Polistes carnifex, commonly known as the executioner wasp or executioner paper wasp, is a neotropical vespid wasp in the cosmopolitan genus Polistes.

It is a large yellow and brown paper wasp with a mandible that contains teeth. It establishes small colonies, founded by solitary queens, which build nests under the eaves of buildings or suspended from branches. Foraging adults bring nectar and macerated prey back to the nest to feed to the developing larvae which are individually housed in separate cells in the nest.

==Vernacular names==
As its range includes only small portions of the English-speaking Americas, P. carnifex has only recently taken on an English vernacular name, but in the mid-2010s the name executioner wasp was proposed, a calque upon the Latin specific name carnifex "executioner, hangman".

In Paraguay, it is usually known in Guaraní as kava mainomby "hummingbird wasp", in reference to its great size; less commonly, it is called kava alazán "brown wasp" (more usually used for P. cavapyta), or kava sa'yju "yellow wasp" (more usually used for Agelaia multipicta or A. pallipes). In the Mexican state of Guerrero, speakers of Malinaltepec refer to the executioner wasp and the closely related P. instabilis as a'ma xtíya cháda "huarache-nest wasp", alluding to the flattened shape of the nests that they build.

==Taxonomy==
In 1768 HMS Endeavour left Plymouth on the first voyage of James Cook, reaching the harbour of Rio de Janeiro a few months later, in November. Here one of the passengers, the wealthy naturalist Joseph Banks, procured a female specimen of giant wasp, which made its way around the world to eventually arrive in England in 1771.

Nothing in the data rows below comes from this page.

Lemma le_injects_into_below g p : pairing_on (below g) p -> infinite (below g) ->
  exists j, (forall x, le x g -> below g (j x)) /\
            (forall x y, le x g -> le y g -> j x = j y -> x = y).
Proof.
  intros [p_in p_inj] [c [c_in c_inj]].
  assert (c01 : c 0 <> c 1) by (intro E; apply c_inj in E; discriminate).
  assert (lt_g : forall x, le x g -> x <> g -> below g x) by (intros; now apply lt_of_le_neq).
  exists (fun x => if decide (x = g) then p (c 1) (c 0) else p (c 0) x). split.
  - intros x Hx. destruct (decide (x = g)); apply p_in; auto.
  - intros x y Hx Hy. destruct (decide (x = g)) as [->|nx], (decide (y = g)) as [->|ny];
      intro E; [reflexivity| | |]; apply p_inj in E; auto;
      destruct E as [E1 E2]; try (exfalso; apply c01; congruence); exact E2.
Qed.

(** Hessenberg: number the pairs greedily along the Gödel order.  This never gets stuck,
    because the Gödel predecessors of a pair lie in the square of a smaller segment,
    which by induction (or finiteness) is smaller than the cardinal [S]. *)

Section Greedy.
Variable S : T -> Prop.
Hypothesis S_infinite : infinite S.
Hypothesis S_cardinal : forall g, S g -> ~ injects_into S (below g).
Hypothesis S_pairing_below :
  forall g, S g -> infinite (below g) -> exists p, pairing_on (below g) p.

Lemma square_small g : S g -> ~ exists H : T -> T * T,
    (forall s, S s -> le (fst (H s)) g /\ le (snd (H s)) g) /\
    (forall s s', S s -> S s' -> H s = H s' -> s = s').
Proof.
  intros Sg [H [H_le H_inj]].
  destruct (classic (infinite (below g))) as [inf|fin].
  - destruct (S_pairing_below g Sg inf) as [p p_pair].
    destruct (le_injects_into_below g p p_pair inf) as [j [j_in j_inj]].
    destruct p_pair as [p_in p_inj].
    apply (S_cardinal g Sg). exists (fun s => p (j (fst (H s))) (j (snd (H s)))). split.
    + intros s Ss. destruct (H_le s Ss). apply p_in; apply j_in; assumption.
    + intros s s' Ss Ss' E. destruct (H_le s Ss), (H_le s' Ss').
      apply p_inj in E; try (apply j_in; assumption). destruct E as [E1 E2].
      apply H_inj; auto. apply injective_projections; apply j_inj; assumption.
  - destruct (finite_below_list g fin) as [l l_all].
    destruct S_infinite as [c [c_in c_inj]].
    apply (nat_not_injects_into_list _ (list_prod l l) (fun n => H (c n))).
    + intros m n E. apply c_inj, H_inj; auto.
    + intro n. destruct (H_le (c n) (c_in n)).
      rewrite (surjective_pairing (H (c n))). apply in_prod; apply l_all; assumption.
Qed.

Meanwhile, the Dane Johan Christian Fabricius had travelled to Uppsala University in 1762 to study under the celebrated Carolus Linnæus, and upon returning to Denmark two years later began to work on his first publication, the Systema Entomologiæ, in which he attempted to list all known species of insects (which included spiders, crabs and other arthropods at the time) according to the new Linnaean system. By 1770 he had been appointed professor at the University of Copenhagen, and when in 1773 the University of Kiel (now German) had been ceded to Denmark, he was soon appointed professor there. By 1771 Fabricius began making yearly summer trips to London to study the collections that Banks and others had made in foreign lands, where he was able to study Banks' Brazilian specimen of wasp at Banks' London residence. In 1775 the 832 pages of the Systema Entomologiæ were finally published, and in this Polistes carnifex was scientifically described for the first time under the name Vespa carnifex, using Banks' specimen as holotype. This specimen is now stored at the Natural History Museum, London.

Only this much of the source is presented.